→ Work request
Within the listing below, please copy exactly the lines between the line holding "Z.of_nat (length (filter P" and the line holding "Lemma universe_NoDup B : NoDup (universe B).", inclusive.

+ + +

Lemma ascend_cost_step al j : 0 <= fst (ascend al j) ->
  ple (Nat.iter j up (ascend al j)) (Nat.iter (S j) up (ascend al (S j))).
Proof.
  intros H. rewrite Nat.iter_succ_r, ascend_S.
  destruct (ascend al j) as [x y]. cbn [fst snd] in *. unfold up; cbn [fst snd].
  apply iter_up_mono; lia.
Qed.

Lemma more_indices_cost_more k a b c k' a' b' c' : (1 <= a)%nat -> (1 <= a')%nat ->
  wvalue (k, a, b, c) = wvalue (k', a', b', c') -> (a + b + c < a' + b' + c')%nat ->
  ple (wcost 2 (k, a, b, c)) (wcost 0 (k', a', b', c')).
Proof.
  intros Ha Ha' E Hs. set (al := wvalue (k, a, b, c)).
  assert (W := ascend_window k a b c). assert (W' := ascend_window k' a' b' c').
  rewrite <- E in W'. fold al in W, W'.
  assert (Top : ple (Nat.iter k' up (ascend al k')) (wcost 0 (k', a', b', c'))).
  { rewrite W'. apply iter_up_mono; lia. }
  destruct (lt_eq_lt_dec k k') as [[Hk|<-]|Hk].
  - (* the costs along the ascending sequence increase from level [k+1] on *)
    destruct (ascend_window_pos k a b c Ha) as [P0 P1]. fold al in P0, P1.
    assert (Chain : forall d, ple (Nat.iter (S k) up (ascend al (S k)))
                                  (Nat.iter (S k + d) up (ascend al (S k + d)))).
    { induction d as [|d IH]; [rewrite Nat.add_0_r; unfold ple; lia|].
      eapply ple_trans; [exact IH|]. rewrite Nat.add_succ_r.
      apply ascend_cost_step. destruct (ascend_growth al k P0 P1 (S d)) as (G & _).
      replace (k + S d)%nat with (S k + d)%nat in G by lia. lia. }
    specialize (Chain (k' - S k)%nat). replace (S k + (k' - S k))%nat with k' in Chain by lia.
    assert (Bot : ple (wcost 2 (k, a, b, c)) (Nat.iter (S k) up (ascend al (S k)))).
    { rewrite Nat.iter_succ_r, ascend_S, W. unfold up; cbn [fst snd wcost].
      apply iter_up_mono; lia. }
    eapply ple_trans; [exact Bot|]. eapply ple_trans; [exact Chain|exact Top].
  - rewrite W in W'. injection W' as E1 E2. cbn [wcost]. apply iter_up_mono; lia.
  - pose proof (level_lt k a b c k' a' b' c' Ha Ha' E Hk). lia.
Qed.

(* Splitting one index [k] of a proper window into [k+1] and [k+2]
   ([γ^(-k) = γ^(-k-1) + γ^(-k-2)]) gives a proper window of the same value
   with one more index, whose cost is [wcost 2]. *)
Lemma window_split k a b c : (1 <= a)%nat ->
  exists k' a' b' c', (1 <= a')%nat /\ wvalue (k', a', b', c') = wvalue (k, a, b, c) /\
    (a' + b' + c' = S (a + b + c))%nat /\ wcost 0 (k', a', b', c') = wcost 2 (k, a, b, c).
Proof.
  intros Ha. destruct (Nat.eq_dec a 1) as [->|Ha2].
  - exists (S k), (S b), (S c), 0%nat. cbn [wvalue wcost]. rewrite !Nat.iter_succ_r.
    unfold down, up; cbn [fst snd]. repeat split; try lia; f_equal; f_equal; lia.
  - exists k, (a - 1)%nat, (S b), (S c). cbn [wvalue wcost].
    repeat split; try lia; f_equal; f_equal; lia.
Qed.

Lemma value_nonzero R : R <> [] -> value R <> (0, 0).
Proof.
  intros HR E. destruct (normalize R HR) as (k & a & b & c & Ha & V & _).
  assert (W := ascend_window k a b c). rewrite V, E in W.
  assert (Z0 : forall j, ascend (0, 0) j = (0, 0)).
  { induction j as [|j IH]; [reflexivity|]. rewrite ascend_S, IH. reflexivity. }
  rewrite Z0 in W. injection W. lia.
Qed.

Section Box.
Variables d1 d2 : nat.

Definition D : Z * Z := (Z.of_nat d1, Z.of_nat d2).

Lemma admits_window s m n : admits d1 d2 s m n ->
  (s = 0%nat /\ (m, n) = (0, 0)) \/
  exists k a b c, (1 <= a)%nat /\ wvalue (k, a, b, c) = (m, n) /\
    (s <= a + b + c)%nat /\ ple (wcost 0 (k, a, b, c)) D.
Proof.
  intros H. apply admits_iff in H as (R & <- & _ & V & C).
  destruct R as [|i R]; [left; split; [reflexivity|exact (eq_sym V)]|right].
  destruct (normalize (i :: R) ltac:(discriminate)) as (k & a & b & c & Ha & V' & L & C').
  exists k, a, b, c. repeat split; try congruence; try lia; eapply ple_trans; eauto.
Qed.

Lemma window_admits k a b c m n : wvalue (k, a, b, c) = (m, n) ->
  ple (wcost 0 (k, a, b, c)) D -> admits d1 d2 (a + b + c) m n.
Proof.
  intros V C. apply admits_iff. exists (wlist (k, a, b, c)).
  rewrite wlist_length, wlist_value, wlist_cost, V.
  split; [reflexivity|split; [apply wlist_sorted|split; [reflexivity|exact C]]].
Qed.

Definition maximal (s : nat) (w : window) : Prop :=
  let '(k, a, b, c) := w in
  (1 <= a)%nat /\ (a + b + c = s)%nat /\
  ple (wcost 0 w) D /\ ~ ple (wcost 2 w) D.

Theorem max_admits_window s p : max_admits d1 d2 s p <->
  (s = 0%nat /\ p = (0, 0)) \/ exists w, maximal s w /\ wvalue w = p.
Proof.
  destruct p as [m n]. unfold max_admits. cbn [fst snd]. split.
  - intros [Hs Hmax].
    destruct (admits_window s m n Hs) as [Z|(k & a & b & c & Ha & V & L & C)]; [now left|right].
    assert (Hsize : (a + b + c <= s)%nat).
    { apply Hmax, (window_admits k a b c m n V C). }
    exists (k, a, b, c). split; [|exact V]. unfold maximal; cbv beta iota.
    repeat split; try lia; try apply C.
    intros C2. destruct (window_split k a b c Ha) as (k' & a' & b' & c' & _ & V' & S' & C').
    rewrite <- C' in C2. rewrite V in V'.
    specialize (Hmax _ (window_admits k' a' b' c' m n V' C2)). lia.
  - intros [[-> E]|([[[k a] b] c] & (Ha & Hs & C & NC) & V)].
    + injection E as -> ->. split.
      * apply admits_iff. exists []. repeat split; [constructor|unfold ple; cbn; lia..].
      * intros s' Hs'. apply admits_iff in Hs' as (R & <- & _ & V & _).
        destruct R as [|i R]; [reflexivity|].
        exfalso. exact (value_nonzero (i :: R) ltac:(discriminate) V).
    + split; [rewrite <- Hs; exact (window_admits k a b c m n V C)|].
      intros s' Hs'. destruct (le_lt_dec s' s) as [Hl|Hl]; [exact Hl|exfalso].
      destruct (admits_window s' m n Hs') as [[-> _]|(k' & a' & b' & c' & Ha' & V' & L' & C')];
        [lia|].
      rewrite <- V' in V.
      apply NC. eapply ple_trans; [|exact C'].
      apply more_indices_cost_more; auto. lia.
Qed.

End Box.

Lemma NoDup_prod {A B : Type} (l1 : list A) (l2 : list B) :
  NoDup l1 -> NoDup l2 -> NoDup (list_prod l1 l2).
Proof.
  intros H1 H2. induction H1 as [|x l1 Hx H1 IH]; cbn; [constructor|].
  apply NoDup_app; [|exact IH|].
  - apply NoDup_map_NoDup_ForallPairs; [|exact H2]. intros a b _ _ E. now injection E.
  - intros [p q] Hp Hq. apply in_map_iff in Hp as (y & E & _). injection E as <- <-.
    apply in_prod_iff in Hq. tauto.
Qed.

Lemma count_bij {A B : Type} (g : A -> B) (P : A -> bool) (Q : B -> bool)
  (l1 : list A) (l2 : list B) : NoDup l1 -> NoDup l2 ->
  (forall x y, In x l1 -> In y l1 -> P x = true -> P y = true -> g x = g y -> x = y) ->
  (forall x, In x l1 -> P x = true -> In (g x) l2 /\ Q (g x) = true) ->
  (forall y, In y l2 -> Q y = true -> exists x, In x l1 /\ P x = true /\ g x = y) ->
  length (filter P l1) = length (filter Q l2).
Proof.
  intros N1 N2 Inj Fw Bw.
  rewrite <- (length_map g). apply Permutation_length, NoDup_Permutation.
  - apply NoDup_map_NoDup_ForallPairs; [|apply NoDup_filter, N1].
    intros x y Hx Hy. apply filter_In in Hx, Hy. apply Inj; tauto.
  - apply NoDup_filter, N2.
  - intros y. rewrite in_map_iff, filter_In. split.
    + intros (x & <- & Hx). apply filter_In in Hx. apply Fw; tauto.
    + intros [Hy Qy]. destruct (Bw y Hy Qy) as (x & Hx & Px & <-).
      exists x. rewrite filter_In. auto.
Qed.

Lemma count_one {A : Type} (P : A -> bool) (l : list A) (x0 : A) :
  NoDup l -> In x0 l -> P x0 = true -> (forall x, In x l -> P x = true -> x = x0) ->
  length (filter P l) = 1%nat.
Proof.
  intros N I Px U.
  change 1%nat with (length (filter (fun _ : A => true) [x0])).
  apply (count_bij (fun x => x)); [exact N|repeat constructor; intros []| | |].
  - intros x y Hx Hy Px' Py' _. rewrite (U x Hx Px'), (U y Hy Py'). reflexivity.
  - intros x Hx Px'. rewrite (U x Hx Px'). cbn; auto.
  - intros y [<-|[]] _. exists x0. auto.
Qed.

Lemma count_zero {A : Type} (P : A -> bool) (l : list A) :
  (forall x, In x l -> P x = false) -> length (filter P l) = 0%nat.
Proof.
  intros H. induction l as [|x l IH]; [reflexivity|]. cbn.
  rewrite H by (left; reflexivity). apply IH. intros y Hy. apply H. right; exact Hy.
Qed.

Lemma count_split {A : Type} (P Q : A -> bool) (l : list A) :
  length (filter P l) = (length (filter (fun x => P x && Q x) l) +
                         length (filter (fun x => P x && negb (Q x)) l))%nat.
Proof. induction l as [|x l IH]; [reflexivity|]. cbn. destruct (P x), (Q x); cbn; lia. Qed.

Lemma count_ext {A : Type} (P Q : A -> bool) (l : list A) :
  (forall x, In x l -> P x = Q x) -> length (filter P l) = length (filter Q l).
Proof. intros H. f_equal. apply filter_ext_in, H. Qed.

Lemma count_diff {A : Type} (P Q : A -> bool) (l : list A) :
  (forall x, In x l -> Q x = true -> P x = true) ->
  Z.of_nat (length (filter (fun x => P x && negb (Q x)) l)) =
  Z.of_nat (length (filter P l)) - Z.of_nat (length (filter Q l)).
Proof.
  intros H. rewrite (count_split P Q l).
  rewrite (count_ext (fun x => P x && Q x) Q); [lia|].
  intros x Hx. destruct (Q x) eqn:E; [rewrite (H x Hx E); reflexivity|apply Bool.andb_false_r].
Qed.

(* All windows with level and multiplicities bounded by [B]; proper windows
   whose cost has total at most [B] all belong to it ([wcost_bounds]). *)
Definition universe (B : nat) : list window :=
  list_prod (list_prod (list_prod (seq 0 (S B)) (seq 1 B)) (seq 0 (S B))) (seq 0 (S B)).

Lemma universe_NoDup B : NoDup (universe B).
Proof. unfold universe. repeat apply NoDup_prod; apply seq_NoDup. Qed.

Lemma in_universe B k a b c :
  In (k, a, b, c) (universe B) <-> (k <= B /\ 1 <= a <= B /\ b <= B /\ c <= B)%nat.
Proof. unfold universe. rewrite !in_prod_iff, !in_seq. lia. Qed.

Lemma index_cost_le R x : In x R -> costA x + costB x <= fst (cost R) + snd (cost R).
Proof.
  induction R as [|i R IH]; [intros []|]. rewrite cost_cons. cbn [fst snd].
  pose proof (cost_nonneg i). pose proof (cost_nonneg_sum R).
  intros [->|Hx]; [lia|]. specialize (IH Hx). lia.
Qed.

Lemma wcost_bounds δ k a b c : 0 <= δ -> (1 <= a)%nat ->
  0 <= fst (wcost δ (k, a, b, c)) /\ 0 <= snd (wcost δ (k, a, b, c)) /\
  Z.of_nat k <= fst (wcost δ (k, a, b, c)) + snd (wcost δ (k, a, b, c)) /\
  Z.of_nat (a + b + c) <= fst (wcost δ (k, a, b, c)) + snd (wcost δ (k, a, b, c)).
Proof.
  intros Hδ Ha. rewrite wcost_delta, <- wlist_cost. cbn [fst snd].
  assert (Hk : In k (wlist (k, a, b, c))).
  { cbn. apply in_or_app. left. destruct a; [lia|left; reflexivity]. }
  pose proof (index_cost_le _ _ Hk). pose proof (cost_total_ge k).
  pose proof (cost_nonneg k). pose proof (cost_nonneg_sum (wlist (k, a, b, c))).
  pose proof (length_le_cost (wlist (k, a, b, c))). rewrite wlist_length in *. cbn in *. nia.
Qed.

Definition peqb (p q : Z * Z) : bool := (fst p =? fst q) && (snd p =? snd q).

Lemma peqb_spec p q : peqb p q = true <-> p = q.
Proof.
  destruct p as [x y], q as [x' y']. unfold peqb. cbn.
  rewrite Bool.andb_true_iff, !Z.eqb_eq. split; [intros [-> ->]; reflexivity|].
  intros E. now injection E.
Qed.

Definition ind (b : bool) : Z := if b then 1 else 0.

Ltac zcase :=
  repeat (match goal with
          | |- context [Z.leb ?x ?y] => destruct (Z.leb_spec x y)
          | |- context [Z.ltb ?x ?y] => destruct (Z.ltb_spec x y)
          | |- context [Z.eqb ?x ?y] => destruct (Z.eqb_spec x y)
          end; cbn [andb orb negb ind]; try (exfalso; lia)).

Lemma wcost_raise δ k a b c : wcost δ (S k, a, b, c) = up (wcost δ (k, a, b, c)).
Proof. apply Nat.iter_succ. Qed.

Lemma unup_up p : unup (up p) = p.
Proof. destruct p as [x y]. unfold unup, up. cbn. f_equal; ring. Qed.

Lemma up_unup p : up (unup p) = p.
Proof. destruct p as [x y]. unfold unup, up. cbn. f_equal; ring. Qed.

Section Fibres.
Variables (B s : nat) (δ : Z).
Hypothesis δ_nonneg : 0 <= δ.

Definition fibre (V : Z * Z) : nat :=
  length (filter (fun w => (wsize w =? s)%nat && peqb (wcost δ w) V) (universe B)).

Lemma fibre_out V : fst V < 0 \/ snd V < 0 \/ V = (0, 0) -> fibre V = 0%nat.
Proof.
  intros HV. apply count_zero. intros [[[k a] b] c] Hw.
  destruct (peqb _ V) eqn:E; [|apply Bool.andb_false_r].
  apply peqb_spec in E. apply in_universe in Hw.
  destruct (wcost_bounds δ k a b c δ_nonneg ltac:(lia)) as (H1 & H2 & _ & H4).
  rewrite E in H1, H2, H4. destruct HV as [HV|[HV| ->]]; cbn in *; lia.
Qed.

+ + +

→ Task output
  Z.of_nat (length (filter P l)) - Z.of_nat (length (filter Q l)).
Proof.
  intros H. rewrite (count_split P Q l).
  rewrite (count_ext (fun x => P x && Q x) Q); [lia|].
  intros x Hx. destruct (Q x) eqn:E; [rewrite (H x Hx E); reflexivity|apply Bool.andb_false_r].
Qed.

(* All windows with level and multiplicities bounded by [B]; proper windows
   whose cost has total at most [B] all belong to it ([wcost_bounds]). *)
Definition universe (B : nat) : list window :=
  list_prod (list_prod (list_prod (seq 0 (S B)) (seq 1 B)) (seq 0 (S B))) (seq 0 (S B)).

Lemma universe_NoDup B : NoDup (universe B).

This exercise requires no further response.